52.  The applicant claimed 10,000 US dollars (USD) in respect of non-pecuniary damage.

53.  The Government submitted that her claim was exorbitant.

54.  The Court is of the view that the applicant suffered damage of non-pecuniary nature such as distress and frustration resulting from the protracted length of the proceedings. Accordingly, it awards the applicant EUR 5,000 in respect of non-pecuniary damage.

B.  Default interest

55.  The Court considers it appropriate that the default interest should be based on the marginal lending rate of the European Central Bank, to which should be added three percentage points.

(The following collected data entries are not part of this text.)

Lemma omega_expr n k : omega R n ^+ k =
  (cos (k%:R * (2 * pi / n%:R)) +i* sin (k%:R * (2 * pi / n%:R)))%C.
Proof.
rewrite /omega; set th := 2 * pi / n%:R.
elim: k => [|k IH]; first by rewrite expr0 !mul0r cos0 sin0.
rewrite exprS IH -[k.+1]addn1 natrD mulrDl mul1r cosD sinD /=.
by congr (_ +i* _)%C; ring.
Qed.

Lemma omega_prim n : (0 < n)%N -> n.-primitive_root (omega R n).
Proof.
move=> n_gt0; have nR_gt0 : 0 < n%:R :> R by rewrite ltr0n.
apply/andP; split => //; apply/forallP => k; rewrite unity_rootE.
have [-> | k_neq] := eqVneq k.+1 n.
  rewrite omega_expr mulrCA (divff (lt0r_neq0 nR_gt0)) mulr1 mulr_natl.
  by rewrite cos2pi sin2pi !eqxx.
rewrite eqbF_neg; apply/eqP; rewrite omega_expr => -[cos_eq1 _].
pose x : R := k.+1%:R * pi / n%:R.
have x_gt0 : 0 < x by rewrite divr_gt0 // mulr_gt0 ?ltr0n ?pi_gt0.
have x_lt_pi : x < pi.
  rewrite ltr_pdivrMr // mulrC ltr_pM2l ?pi_gt0 // ltr_nat ltn_neqAle k_neq.
  exact: ltn_ord k.
have sin_x_gt0 : 0 < sin x by apply: sin_gt0_pi; rewrite x_gt0 x_lt_pi.
have angle_x2 : k.+1%:R * (2 * pi / n%:R) = x *+ 2 by rewrite /x -mulr_natr; ring.
move: cos_eq1; rewrite angle_x2 cos_mulr2n cos2sin2 => ?; nra.
Qed.

Lemma conjC_omega n : (omega R n)^* = (omega R n)^-1.
Proof.
by rewrite invC_norm -add_Re2_Im2 /= cos2Dsin2 invr1 mul1r.
Qed.

End Omega.

Section PhotonPaths.
Variables (R : realType) (n : nat) (K : finType) (i : 'I_n -> K).
Implicit Types (U : 'I_n -> 'I_n -> R[i]) (f g : {ffun 'I_n -> 'I_n}).
Implicit Types (m : {ffun 'I_n * K -> 'I_n.+1}) (s : {perm 'I_n}).

Definition amplitude U (f : 'I_n -> 'I_n) : R[i] := \prod_(j < n) U (f j) j.

Definition occupation f : {ffun 'I_n * K -> 'I_n.+1} :=
  [ffun lk => inord (occ i f lk)].

Definition label_preserving : pred {perm 'I_n} :=
  [pred s : {perm 'I_n} | [forall j, i (s j) == i j]].

Definition comp_perm f s : {ffun 'I_n -> 'I_n} := [ffun j => f (s j)].

Lemma occupationE f lk : occupation f lk = occ i f lk :> nat.
Proof.
by rewrite ffunE inordK // ltnS (leq_trans (max_card _)) ?card_ord.
Qed.

Lemma out_coefE U m : out_coef U i m = \sum_(f | occupation f == m) amplitude U f.
Proof.
apply: eq_bigl => f; apply/forallP/eqP => [occ_f | <- lk]; last by rewrite occupationE.
by apply/ffunP => lk; apply/val_inj; rewrite /= occupationE; apply/eqP.
Qed.

Lemma fock_probE U m : fock_prob U i m =
  \sum_(f | occupation f == m) \sum_(g | occupation g == m)
     amplitude U f * (amplitude U g)^* * (\prod_lk (m lk)`!)%:R.
Proof.
rewrite /fock_prob normCK out_coefE rmorph_sum big_distrlr /= mulr_suml.
by apply: eq_bigr => f _; rewrite mulr_suml.
Qed.

Lemma valid_pattern_occupation f :
  valid_pattern (pattern (occupation f)) = ((\sum_j f j) %% n == 0)%N.
Proof.
have pattern_f l : pattern (occupation f) l = (\sum_(j | f j == l) 1)%N.
  rewrite /pattern (partition_big i predT) //=; apply: eq_bigr => k _.
  by rewrite occupationE /occ -sum1_card; apply: eq_bigl => j; rewrite !inE.
rewrite /valid_pattern; congr (_ %% _ == _)%N.
rewrite [RHS](partition_big f predT) //=; apply: eq_bigr => l _.
by rewrite pattern_f big_distrr /= muln1; apply: eq_bigr => j /eqP ->.
Qed.

Lemma fiber_size_occupation f lk :
  fiber_size [set: 'I_n] (fun j => (f j, i j)) lk = occupation f lk.
Proof.
rewrite occupationE; apply: eq_card => j; rewrite !inE.
by case: lk => l k; rewrite xpair_eqE.
Qed.

Lemma card_label_preserving_comp f g :
  #|[pred s | label_preserving s && (g == comp_perm f s)]| =
  if occupation g == occupation f then (\prod_lk (occupation f lk)`!)%N else 0.
Proof.
rewrite (eq_card (B := rearrangements [set: 'I_n] (fun j => (f j, i j))
                                     (fun j => (g j, i j)))) => [|s]; last first.
  have s_on : perm_on [set: 'I_n] s by apply/subsetP => x; rewrite inE.
  rewrite /rearrangements /label_preserving /comp_perm !inE s_on /=.
  apply/andP/forall_inP => [[/forallP s_i /eqP ->] j _ | fs_g].
    by rewrite ffunE xpair_eqE eqxx s_i.
  split; first by apply/forallP => j; have /andP[] := fs_g j (in_setT j).
  by apply/eqP/ffunP => j; rewrite ffunE; have /andP[/eqP] := fs_g j (in_setT j).
rewrite card_rearrangements.
have -> : [forall lk, fiber_size [set: 'I_n] (fun j => (f j, i j)) lk ==
                      fiber_size [set: 'I_n] (fun j => (g j, i j)) lk] =
          (occupation g == occupation f).
  apply/forallP/eqP => [fib_eq | occ_eq lk].
    apply/ffunP => lk; apply/val_inj; rewrite /= -!fiber_size_occupation.
    by apply/esym/eqP.
  by rewrite !fiber_size_occupation occ_eq.
by case: eqP => // _; apply: eq_bigr => lk _; rewrite fiber_size_occupation.
Qed.

Lemma sum_label_preserving_comp (V : nmodType) (h : {ffun 'I_n -> 'I_n} -> V) f :
  \sum_(s | label_preserving s) h (comp_perm f s) =
  \sum_(g | occupation g == occupation f) h g *+ \prod_lk (occupation f lk)`!.
Proof.
rewrite [LHS](eq_bigr (fun s => \sum_(g | g == comp_perm f s) h g)) => [|s _];
  last by rewrite big_pred1_eq.
rewrite (exchange_big_dep predT) //= [RHS]big_mkcond; apply: eq_bigr => g _.
by rewrite sumr_const card_label_preserving_comp; case: eqP.
Qed.
Lemma dotv_le_young (L : R) u z m : 0 <= L -> dotv u u <= L ^+ 2 * dotv z z ->
  dotv u m <= L / 2 * (dotv z z + dotv m m).
Proof.
move=> L0 uz; have [L_eq0|Lneq0] := eqVneq L 0.
  rewrite L_eq0 in uz *; have u0 : dotv u u = 0.
    by apply/eqP; rewrite eq_le dotv_ge0 andbT; move: uz; rewrite expr2 !mul0r.
  by rewrite /dotv big1 ?mul0r // => i _; rewrite (dotv_self_eq0 u0) mul0r.
have Lgt0 : 0 < L by rewrite lt_neqAle eq_sym Lneq0.
have young : 2 * dotv u m <= dotv u u / L + L * dotv m m.
  rewrite /dotv mulr_sumr mulr_sumr mulr_suml -big_split /=; apply: ler_sum => i _.
  rewrite -subr_ge0.
  have -> : u 0 i * u 0 i / L + L * (m 0 i * m 0 i) - 2 * (u 0 i * m 0 i)
          = (u 0 i - L * m 0 i) ^+ 2 / L by field; rewrite gt_eqF.
  by rewrite divr_ge0 ?sqr_ge0 // ltW.
have uzL : dotv u u / L <= L * dotv z z.
  by rewrite ler_pdivrMr //; apply: (le_trans uz); rewrite expr2; lra.
have := dotv_ge0 m; nra.
Qed.

End dotv.

Section sq_integrable_vec.
Context {R : realType} {dT : measure_display} {T : measurableType dT} {d : nat}.
Variable P : probability T R.
Implicit Types (V W : T -> 'rV[R]_d).

Definition sq_integrable_vec V := forall i, sq_integrable P (fun w => V w 0 i).

Lemma sq_integrable_vec_cst (c : 'rV[R]_d) : sq_integrable_vec (fun _ => c).
Proof. by move=> i; exact: sq_integrable_cst. Qed.

Lemma sq_integrable_vecD V W : sq_integrable_vec V -> sq_integrable_vec W ->
  sq_integrable_vec (fun w => V w + W w).
Proof.
by move=> iV iW i; under eq_fun do rewrite mxE; exact: sq_integrableD.
Qed.

Lemma sq_integrable_vecZ c V : sq_integrable_vec V ->
  sq_integrable_vec (fun w => c *: V w).
Proof. by move=> iV i; under eq_fun do rewrite mxE; exact: sq_integrableZ. Qed.

Lemma sq_integrable_vecB V W : sq_integrable_vec V -> sq_integrable_vec W ->
  sq_integrable_vec (fun w => V w - W w).
Proof.
move=> iV iW; apply: sq_integrable_vecD => // i.
by under eq_fun do rewrite mxE -mulN1r; exact: sq_integrableZ.
Qed.

Lemma integrableR_dotv V W : sq_integrable_vec V -> sq_integrable_vec W ->
  integrableR P (fun w => dotv (V w) (W w)).
Proof. by move=> iV iW; apply: integrableR_sum => i; exact: sq_integrable_mul. Qed.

1.  Declares the application admissible;

2.  Holds that there has been a violation of Article 6 § 1 of the Convention;

3.  Holds that there has been a violation of Article 13 of the Convention;

4.  Holds

(a)  that the respondent State is to pay the applicant, within three months from the date on which the judgment becomes final according to Article 44 § 2 of the Convention, EUR 5,000 (five thousand euros) in respect of non-pecuniary damage, to be converted into Polish zlotys at the rate applicable at the settlement; plus any tax that may be chargeable;

(b)  that from the expiry of the above-mentioned three months until settlement simple interest shall be payable on the above amount at a rate equal to the marginal lending rate of the European Central Bank during the default period plus three percentage points;

5.  Dismisses the remainder of the applicant’s claim for just satisfaction.

Done in English, and notified in writing on 14 October 2003, pursuant to Rule 77 §§ 2 and 3 of the Rules of Court.